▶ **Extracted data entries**
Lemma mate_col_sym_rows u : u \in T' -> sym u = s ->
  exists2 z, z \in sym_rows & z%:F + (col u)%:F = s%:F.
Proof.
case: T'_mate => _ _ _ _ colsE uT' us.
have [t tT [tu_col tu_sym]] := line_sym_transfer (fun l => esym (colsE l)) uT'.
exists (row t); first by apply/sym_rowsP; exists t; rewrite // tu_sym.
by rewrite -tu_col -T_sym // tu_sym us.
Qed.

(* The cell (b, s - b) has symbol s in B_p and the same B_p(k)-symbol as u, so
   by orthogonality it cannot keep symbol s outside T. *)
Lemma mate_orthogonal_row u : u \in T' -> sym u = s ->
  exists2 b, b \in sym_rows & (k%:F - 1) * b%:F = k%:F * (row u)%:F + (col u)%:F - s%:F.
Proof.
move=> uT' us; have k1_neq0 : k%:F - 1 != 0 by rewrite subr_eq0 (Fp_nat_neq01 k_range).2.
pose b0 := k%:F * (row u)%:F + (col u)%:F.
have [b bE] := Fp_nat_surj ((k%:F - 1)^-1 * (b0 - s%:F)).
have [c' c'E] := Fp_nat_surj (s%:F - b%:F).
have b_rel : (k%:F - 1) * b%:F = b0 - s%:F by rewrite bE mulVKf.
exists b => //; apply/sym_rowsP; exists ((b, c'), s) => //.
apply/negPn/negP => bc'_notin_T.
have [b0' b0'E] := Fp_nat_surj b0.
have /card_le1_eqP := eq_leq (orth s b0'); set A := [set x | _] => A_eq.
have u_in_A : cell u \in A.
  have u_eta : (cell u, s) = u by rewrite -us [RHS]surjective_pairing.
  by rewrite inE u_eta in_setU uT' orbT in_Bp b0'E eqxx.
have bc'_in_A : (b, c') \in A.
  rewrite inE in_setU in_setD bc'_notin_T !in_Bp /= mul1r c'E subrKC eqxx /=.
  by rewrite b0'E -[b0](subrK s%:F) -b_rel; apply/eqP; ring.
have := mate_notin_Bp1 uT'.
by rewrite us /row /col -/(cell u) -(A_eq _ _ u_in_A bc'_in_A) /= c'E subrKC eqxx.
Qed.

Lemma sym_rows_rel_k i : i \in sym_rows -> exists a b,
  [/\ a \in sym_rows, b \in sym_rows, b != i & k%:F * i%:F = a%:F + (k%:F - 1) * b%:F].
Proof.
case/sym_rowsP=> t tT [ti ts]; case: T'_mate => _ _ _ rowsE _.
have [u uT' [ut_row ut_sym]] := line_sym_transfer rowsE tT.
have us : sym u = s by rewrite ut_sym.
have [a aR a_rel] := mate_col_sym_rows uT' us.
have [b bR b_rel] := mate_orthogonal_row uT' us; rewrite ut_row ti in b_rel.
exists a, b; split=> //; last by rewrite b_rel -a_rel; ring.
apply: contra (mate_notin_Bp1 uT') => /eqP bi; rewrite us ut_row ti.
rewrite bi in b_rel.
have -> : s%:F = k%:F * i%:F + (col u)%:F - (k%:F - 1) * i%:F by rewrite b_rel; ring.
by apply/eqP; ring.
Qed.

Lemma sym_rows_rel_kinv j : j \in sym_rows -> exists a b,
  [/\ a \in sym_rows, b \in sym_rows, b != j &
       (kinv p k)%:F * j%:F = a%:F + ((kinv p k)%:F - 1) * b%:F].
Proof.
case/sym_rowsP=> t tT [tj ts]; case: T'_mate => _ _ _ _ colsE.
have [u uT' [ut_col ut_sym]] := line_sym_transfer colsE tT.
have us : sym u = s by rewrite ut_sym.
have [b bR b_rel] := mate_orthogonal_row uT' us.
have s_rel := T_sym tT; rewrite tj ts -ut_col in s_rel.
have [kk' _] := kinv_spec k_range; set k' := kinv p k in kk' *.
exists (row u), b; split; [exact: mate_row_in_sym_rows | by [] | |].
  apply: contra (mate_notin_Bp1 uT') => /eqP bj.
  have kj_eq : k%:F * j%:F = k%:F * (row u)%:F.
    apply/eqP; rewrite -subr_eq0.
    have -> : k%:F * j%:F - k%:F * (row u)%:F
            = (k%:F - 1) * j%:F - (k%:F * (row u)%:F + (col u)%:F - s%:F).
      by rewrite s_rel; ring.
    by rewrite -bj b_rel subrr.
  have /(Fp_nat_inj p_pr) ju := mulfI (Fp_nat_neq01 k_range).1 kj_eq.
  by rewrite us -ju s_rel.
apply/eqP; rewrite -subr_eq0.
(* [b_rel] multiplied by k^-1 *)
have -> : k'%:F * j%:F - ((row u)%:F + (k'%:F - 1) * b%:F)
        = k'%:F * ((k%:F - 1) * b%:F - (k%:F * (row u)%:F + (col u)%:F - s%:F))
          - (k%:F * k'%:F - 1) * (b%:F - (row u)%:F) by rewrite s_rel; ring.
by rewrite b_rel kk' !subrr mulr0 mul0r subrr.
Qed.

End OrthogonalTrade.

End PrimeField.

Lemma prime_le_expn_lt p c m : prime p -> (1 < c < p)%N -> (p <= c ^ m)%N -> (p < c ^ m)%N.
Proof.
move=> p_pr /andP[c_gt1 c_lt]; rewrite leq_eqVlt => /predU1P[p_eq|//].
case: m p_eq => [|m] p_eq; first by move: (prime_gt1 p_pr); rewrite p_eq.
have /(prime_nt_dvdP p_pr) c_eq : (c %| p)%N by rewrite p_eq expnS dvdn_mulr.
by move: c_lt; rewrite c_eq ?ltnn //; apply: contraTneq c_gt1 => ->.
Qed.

==

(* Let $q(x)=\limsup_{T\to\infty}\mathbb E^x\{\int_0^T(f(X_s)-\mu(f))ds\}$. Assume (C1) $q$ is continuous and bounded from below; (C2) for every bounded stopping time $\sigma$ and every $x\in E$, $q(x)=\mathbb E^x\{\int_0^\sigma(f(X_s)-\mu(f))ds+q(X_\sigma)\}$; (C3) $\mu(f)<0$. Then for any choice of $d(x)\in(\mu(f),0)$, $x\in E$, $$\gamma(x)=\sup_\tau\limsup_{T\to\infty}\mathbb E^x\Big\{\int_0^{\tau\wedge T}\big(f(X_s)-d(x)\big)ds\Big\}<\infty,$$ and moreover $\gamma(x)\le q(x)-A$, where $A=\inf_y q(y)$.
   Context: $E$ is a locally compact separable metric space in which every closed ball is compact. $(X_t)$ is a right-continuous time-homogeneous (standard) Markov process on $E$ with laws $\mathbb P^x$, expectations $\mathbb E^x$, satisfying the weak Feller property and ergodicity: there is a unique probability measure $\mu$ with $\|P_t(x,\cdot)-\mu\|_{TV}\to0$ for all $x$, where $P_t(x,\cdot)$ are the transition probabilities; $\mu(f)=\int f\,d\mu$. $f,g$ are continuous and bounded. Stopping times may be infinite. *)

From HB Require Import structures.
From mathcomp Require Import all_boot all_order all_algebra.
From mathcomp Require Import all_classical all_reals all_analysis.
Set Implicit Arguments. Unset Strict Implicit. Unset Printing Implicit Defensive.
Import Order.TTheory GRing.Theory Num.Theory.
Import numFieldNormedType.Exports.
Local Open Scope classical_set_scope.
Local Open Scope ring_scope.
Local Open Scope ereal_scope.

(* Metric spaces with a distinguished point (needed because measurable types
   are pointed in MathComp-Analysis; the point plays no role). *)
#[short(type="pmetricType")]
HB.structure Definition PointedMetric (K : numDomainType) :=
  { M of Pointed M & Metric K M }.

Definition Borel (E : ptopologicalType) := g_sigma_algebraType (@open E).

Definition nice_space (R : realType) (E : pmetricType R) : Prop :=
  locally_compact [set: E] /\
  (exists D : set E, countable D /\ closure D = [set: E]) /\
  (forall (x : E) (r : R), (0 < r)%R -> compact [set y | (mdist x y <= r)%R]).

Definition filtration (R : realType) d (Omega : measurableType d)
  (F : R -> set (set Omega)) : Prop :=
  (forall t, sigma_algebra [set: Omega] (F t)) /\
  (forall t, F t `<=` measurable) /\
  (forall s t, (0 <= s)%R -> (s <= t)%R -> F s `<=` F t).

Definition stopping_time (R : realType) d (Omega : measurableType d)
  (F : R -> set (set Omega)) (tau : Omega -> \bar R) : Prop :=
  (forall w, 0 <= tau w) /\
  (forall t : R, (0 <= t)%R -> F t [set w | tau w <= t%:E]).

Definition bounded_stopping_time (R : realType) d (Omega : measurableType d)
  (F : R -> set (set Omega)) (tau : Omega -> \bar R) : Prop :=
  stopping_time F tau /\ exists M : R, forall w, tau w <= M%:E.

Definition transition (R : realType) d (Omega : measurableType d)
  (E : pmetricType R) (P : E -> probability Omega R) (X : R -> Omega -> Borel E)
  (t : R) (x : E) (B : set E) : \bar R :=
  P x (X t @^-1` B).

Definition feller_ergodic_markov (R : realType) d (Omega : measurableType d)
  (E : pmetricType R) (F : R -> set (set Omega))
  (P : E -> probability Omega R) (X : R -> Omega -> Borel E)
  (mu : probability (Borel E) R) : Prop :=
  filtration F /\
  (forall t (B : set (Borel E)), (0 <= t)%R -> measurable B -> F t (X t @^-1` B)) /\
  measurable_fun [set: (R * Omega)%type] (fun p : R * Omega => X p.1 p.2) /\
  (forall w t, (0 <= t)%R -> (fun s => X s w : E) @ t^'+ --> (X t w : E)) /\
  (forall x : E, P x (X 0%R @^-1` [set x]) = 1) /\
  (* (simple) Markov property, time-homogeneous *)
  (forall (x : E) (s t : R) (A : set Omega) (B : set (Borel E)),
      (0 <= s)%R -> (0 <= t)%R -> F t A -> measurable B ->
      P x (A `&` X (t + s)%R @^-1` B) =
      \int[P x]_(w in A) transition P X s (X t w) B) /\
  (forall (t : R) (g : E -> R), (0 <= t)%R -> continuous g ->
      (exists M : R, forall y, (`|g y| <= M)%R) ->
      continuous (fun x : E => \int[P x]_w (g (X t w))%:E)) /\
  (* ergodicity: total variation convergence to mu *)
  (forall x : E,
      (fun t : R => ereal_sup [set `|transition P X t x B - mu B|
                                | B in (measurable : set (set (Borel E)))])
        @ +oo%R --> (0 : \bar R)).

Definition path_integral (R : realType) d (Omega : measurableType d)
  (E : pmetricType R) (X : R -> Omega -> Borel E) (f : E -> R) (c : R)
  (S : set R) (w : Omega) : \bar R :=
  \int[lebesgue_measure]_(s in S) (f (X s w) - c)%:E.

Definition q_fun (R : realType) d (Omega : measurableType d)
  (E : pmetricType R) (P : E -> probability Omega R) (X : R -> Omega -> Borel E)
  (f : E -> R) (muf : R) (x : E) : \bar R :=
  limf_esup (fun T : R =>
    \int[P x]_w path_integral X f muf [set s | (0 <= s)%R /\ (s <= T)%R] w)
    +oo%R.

==

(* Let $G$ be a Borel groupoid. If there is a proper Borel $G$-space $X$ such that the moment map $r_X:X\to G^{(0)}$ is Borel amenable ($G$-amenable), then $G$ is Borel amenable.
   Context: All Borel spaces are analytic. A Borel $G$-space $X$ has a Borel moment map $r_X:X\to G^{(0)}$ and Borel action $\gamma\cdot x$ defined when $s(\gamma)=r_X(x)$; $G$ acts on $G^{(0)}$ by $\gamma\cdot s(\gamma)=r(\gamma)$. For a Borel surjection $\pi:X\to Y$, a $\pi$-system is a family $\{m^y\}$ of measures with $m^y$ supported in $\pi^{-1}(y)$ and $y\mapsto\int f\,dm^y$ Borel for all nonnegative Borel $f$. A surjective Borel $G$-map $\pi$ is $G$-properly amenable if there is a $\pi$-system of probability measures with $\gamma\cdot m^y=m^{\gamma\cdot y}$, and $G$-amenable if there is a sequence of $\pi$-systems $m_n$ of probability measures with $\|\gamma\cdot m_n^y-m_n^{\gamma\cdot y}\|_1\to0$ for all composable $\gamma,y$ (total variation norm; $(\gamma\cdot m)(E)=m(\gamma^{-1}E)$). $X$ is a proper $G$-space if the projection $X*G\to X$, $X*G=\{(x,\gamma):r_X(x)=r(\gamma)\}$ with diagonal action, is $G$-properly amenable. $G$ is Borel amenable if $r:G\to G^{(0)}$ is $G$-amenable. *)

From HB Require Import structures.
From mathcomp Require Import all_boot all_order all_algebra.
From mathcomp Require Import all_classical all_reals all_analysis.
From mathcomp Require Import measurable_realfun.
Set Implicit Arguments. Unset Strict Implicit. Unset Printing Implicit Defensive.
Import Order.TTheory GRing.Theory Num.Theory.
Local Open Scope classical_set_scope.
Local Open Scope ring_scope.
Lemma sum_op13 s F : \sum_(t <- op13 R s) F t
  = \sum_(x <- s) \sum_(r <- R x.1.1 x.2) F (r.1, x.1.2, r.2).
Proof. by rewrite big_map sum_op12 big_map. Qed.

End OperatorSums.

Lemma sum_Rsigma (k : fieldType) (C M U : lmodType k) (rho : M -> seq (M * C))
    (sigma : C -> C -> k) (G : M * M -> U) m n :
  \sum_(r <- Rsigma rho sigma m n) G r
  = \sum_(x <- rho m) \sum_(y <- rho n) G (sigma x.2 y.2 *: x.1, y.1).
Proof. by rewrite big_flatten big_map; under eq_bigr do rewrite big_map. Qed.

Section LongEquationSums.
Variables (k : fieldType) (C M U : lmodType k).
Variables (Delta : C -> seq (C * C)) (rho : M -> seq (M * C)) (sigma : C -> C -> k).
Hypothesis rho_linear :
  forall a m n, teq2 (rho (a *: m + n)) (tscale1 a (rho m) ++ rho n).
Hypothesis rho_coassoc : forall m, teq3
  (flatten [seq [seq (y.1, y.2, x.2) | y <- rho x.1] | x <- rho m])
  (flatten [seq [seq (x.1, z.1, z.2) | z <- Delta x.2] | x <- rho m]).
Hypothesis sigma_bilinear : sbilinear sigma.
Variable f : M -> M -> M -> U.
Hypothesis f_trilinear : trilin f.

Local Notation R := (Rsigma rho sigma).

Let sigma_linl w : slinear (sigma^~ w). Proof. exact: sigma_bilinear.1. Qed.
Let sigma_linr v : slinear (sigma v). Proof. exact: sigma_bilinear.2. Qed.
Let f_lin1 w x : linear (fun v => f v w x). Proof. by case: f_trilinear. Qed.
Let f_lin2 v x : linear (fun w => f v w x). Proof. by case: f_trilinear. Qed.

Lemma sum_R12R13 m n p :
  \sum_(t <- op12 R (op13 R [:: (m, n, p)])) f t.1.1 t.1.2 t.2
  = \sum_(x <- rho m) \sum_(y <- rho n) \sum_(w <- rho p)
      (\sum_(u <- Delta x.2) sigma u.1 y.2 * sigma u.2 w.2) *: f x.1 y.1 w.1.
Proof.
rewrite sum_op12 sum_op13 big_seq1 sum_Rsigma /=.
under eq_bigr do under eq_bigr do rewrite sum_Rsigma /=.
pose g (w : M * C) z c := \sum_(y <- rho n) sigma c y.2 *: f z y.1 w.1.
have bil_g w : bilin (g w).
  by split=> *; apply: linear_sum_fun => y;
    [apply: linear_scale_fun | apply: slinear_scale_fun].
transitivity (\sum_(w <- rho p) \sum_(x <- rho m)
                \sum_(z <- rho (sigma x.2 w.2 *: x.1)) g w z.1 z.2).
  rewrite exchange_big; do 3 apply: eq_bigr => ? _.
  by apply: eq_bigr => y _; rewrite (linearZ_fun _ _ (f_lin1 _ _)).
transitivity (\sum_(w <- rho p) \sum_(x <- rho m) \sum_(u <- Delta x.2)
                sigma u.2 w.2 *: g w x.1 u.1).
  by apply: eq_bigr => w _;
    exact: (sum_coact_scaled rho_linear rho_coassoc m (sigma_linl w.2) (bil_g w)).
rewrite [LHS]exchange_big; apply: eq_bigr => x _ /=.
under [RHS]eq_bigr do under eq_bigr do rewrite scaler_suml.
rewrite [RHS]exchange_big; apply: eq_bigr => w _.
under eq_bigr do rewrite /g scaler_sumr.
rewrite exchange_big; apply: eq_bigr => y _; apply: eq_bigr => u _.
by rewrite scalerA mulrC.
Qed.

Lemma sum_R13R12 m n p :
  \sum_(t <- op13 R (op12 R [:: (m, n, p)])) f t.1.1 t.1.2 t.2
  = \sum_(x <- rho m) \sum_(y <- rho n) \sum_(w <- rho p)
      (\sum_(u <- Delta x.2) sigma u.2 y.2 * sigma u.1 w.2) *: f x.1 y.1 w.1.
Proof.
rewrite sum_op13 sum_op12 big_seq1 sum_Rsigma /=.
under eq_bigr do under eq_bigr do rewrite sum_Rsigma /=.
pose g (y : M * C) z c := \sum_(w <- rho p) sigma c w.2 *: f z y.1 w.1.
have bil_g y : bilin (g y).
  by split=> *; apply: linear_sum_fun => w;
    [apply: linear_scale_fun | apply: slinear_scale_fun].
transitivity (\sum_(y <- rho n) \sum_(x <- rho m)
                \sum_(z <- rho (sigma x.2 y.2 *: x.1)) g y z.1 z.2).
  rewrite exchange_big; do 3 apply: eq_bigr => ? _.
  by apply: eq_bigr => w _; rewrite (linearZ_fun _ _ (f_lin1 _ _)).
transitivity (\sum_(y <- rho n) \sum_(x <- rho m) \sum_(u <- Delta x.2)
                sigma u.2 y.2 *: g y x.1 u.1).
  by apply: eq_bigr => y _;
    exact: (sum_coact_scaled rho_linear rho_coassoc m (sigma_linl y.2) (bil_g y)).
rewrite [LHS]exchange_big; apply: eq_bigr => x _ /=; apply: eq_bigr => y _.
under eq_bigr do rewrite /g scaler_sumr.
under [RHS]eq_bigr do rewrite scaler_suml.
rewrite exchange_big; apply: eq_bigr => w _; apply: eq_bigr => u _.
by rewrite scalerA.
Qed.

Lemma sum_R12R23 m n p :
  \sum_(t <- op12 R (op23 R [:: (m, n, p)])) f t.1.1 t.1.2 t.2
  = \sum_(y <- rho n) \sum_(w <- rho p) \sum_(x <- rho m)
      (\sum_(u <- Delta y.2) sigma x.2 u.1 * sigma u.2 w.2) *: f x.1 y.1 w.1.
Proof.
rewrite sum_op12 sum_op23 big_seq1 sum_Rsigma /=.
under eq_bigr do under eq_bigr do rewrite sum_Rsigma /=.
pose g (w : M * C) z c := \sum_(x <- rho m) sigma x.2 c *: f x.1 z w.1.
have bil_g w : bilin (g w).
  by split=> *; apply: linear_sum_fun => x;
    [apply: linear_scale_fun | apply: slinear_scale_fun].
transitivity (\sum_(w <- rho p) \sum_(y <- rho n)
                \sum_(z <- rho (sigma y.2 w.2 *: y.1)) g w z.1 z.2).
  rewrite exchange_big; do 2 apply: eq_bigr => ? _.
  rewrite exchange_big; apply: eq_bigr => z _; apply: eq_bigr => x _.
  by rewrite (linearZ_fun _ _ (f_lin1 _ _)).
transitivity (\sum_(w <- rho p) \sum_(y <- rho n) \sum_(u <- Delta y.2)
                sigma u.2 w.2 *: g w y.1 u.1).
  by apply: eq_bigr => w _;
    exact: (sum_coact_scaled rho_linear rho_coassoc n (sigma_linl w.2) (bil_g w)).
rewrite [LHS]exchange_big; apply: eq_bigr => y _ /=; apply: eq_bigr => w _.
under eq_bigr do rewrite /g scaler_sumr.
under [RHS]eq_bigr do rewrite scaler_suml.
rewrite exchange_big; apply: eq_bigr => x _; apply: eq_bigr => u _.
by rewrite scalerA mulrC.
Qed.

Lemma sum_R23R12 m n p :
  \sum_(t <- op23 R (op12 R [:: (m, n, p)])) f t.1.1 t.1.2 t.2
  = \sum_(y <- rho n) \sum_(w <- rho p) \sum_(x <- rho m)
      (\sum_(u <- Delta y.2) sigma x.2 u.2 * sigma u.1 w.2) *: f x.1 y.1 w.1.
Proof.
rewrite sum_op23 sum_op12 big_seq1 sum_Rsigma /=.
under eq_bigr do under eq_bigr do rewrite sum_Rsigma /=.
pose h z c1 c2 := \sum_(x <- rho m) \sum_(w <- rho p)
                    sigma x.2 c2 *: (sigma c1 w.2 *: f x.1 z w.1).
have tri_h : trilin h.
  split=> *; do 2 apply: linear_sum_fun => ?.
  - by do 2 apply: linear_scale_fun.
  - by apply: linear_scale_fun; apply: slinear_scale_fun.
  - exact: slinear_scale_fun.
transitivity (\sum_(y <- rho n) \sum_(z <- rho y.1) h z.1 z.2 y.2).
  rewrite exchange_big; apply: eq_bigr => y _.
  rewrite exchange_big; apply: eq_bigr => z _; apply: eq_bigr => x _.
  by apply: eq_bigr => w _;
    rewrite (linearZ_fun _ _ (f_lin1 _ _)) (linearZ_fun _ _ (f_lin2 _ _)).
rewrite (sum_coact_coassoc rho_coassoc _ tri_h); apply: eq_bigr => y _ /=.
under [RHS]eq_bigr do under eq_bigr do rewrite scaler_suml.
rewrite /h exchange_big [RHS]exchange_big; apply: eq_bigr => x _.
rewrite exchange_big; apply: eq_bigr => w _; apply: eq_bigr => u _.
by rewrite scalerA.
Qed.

▶ **What is required**
Counting only those lines of the data above where the word "fieldType" appears, give the number and nothing more.

▶ **Response**
2